What to do: What lines of the data below hold the string "SmatE"? Copy each one.

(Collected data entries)
____
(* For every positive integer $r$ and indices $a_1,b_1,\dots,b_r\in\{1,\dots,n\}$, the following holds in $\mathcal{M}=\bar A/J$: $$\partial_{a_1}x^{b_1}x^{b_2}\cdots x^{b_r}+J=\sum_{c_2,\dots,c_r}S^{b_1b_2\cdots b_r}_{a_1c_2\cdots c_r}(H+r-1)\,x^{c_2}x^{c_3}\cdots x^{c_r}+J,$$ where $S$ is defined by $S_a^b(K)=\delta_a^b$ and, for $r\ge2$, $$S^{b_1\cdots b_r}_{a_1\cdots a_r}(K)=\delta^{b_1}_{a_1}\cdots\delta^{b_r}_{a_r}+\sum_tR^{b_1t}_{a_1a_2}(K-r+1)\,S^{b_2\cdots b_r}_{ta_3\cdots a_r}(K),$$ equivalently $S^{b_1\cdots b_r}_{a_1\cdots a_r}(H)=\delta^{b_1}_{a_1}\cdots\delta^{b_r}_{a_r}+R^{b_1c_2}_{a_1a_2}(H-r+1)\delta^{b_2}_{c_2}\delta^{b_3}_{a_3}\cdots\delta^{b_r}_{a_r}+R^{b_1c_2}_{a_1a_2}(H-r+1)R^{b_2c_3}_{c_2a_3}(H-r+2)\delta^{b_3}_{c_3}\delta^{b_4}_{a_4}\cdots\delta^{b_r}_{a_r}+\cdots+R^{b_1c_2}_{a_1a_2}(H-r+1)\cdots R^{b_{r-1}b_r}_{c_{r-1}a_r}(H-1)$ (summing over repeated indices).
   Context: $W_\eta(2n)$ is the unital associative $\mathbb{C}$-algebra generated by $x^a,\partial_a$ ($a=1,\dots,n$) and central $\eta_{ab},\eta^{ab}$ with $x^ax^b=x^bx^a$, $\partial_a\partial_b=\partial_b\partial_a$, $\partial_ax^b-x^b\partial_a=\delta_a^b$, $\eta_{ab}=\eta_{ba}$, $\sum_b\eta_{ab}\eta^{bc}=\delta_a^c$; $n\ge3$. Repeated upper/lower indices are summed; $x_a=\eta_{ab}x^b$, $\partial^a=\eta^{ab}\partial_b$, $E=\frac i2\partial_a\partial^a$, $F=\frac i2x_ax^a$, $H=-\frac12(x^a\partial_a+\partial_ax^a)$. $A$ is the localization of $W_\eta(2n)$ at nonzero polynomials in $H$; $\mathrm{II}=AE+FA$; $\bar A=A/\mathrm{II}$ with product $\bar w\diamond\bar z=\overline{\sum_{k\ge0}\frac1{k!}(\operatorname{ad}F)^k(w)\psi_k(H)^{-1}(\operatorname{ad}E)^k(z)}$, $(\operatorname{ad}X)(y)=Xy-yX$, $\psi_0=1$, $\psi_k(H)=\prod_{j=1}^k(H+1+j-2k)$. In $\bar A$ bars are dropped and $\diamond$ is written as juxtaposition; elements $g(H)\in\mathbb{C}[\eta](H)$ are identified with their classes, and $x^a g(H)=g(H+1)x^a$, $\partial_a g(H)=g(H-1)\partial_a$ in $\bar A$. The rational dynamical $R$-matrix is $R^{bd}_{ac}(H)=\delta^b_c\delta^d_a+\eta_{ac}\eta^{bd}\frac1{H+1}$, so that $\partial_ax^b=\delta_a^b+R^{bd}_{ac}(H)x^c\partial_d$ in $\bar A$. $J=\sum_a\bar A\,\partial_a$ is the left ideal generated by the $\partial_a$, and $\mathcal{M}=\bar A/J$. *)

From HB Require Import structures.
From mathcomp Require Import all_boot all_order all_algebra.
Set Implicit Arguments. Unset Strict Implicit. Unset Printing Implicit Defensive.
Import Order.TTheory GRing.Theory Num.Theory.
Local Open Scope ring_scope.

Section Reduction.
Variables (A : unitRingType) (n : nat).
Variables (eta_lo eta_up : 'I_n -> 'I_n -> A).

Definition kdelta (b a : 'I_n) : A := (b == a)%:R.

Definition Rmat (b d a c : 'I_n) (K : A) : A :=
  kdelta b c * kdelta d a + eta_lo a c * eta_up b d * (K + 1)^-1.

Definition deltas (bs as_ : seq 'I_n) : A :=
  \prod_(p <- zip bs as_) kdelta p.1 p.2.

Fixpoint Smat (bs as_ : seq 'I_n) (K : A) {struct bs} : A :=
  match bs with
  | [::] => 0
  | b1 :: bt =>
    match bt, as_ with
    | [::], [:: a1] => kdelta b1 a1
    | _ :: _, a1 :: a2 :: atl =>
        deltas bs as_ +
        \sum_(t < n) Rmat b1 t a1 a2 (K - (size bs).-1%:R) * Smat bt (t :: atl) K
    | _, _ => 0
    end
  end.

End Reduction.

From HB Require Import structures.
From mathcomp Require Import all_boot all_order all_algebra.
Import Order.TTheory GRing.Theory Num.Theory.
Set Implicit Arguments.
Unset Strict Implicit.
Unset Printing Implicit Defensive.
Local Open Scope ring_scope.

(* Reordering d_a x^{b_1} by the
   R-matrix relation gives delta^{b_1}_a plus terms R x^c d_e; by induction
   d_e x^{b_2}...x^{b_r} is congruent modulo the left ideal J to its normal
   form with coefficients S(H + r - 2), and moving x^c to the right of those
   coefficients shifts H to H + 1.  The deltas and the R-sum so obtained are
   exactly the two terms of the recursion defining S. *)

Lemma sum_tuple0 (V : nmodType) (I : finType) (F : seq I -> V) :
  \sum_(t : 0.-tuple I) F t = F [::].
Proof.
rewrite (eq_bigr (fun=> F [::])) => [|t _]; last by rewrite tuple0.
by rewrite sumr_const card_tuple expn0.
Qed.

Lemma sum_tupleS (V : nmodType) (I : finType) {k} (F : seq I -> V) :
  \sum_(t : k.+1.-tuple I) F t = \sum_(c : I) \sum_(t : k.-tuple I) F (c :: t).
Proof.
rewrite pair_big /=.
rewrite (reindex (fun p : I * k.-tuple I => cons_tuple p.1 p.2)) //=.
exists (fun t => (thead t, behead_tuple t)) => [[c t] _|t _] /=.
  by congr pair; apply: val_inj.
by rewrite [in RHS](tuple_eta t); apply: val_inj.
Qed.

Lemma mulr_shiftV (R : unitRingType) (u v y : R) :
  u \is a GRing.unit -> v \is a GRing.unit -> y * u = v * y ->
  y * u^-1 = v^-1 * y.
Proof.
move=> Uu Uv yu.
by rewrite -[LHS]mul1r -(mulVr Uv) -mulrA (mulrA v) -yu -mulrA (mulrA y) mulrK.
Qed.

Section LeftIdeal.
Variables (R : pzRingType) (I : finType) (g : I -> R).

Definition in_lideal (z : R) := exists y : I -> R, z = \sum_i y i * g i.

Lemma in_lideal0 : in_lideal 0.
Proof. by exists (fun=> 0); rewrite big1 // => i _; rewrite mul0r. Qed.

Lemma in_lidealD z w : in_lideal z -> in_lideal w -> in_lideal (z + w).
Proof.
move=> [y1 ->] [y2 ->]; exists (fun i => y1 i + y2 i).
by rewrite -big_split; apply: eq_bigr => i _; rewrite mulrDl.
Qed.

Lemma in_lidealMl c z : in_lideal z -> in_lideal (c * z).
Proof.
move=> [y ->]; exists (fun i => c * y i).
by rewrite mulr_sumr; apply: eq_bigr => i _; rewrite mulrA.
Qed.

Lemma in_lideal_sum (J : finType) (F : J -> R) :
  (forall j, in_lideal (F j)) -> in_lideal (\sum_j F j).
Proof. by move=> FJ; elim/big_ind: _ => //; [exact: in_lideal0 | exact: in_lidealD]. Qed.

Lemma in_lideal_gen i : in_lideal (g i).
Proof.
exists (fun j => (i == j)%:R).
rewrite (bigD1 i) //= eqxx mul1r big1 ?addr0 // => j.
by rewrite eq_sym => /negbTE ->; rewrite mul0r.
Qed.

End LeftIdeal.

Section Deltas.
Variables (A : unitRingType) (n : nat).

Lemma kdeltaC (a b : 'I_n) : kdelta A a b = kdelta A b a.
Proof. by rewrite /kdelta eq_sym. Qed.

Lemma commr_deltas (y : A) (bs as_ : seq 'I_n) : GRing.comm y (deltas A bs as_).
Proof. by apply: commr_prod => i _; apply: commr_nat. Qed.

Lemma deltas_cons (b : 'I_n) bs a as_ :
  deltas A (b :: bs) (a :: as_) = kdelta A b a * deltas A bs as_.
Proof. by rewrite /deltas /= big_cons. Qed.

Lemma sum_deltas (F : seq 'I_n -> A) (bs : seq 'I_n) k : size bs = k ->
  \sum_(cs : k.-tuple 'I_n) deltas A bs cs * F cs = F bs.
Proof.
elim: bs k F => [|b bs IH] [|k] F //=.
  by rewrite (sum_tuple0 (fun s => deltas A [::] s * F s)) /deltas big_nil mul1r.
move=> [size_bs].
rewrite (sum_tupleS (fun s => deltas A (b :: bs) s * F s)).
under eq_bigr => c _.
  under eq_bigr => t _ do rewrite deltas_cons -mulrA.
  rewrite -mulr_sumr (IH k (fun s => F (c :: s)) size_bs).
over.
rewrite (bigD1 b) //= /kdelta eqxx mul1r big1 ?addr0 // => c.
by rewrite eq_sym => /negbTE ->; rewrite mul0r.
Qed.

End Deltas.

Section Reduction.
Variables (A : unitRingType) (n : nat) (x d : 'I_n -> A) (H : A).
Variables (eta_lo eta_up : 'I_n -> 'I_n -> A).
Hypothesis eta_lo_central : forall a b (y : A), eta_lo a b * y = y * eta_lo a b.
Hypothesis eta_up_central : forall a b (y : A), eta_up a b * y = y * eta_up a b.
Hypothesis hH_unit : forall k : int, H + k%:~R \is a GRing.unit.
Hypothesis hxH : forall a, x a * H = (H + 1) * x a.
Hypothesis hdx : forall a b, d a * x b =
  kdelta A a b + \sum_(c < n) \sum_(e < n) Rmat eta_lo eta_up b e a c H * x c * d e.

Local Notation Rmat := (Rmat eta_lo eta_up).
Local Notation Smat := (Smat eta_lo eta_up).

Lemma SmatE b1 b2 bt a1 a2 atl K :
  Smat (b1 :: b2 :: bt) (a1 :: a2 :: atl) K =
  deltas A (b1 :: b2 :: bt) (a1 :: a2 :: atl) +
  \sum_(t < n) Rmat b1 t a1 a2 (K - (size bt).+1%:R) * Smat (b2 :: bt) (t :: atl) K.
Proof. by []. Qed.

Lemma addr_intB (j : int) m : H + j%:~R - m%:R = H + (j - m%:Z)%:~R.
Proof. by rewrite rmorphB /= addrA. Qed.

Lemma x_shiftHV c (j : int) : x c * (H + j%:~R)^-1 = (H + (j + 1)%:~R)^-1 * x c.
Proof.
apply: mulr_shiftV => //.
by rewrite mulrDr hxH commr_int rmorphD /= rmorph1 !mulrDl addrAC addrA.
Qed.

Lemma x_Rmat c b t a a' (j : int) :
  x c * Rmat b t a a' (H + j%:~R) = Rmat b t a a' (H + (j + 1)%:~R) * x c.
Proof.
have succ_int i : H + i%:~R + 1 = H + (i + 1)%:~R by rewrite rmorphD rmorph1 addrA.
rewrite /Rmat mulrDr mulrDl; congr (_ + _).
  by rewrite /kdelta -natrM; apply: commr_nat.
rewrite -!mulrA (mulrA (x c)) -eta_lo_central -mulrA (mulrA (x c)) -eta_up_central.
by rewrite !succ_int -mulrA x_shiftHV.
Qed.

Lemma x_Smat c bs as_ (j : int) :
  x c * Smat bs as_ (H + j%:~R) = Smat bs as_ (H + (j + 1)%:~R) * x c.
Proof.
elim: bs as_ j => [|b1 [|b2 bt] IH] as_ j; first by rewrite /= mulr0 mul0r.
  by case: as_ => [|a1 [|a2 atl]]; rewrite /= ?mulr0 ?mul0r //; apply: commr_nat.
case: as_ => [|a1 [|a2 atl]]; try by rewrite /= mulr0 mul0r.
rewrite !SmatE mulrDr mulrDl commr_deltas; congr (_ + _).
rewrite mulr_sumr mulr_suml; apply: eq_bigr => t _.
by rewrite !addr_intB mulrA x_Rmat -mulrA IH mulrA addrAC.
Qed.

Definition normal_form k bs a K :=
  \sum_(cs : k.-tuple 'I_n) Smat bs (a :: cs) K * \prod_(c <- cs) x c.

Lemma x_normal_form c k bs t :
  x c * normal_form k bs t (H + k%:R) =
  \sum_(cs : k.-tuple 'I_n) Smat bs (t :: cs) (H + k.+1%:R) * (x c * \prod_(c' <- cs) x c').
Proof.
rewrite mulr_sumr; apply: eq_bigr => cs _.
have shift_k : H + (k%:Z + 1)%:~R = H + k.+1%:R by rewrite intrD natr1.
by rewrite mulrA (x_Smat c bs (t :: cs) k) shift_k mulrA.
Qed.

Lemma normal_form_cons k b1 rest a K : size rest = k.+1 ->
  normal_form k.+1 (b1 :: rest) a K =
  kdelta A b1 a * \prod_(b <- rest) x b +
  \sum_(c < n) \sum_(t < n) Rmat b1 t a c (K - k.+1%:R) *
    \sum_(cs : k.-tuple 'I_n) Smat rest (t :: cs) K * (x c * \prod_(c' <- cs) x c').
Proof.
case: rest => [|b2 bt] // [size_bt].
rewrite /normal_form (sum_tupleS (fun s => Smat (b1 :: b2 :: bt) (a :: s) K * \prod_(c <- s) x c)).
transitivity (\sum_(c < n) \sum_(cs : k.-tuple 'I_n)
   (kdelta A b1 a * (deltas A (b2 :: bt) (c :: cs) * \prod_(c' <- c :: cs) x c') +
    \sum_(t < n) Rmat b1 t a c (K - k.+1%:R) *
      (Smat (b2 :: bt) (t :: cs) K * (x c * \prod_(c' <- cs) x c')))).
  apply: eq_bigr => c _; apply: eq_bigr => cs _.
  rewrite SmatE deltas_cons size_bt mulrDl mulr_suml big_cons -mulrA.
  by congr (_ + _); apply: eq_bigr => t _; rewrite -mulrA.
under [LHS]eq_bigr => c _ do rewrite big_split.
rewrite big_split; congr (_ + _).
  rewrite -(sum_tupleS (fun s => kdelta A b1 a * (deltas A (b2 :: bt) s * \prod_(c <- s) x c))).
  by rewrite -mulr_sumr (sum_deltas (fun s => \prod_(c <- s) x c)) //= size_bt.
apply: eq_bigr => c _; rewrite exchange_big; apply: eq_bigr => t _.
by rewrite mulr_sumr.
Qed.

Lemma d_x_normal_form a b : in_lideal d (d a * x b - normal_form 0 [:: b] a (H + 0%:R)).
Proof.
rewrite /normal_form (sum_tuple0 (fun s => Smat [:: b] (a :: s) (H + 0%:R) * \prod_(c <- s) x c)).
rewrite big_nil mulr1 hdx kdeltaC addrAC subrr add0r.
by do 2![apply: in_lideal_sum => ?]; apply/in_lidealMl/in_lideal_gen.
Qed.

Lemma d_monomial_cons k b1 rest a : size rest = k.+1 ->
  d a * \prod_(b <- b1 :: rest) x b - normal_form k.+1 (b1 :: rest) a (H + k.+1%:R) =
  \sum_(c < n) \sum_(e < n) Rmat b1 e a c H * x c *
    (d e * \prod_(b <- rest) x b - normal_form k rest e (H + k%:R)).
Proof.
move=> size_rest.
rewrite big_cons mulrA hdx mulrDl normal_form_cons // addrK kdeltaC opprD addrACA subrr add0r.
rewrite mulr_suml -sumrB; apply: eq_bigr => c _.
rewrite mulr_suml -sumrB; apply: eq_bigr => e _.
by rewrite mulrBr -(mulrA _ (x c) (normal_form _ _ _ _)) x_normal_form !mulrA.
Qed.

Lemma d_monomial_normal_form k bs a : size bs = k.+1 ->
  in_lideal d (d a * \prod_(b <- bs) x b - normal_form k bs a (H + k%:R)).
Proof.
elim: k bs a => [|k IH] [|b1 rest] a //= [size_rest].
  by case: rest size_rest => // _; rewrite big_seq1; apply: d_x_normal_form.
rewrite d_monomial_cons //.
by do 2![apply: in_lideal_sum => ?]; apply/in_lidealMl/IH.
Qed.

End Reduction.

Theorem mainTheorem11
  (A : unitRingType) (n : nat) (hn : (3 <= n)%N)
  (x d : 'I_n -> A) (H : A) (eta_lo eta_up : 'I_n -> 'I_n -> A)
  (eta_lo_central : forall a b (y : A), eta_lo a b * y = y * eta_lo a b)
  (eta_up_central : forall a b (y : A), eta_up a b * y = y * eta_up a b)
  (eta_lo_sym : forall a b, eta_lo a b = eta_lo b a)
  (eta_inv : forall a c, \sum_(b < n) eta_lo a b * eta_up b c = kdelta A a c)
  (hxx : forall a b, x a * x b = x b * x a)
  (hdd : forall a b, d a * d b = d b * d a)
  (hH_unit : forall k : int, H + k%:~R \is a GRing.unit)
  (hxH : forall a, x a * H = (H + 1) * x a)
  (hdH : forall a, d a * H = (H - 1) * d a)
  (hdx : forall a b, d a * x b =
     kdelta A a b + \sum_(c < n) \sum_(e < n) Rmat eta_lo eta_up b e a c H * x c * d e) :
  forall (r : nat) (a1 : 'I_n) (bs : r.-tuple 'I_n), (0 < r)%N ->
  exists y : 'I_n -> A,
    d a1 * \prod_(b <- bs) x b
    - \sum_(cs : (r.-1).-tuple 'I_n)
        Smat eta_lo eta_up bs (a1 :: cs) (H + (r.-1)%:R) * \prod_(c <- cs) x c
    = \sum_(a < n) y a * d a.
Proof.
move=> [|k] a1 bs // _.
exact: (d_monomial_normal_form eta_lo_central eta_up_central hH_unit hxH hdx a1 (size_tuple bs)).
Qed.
____
Answer box:
Lemma SmatE b1 b2 bt a1 a2 atl K :
rewrite !SmatE mulrDr mulrDl commr_deltas; congr (_ + _).
  rewrite SmatE deltas_cons size_bt mulrDl mulr_suml big_cons -mulrA.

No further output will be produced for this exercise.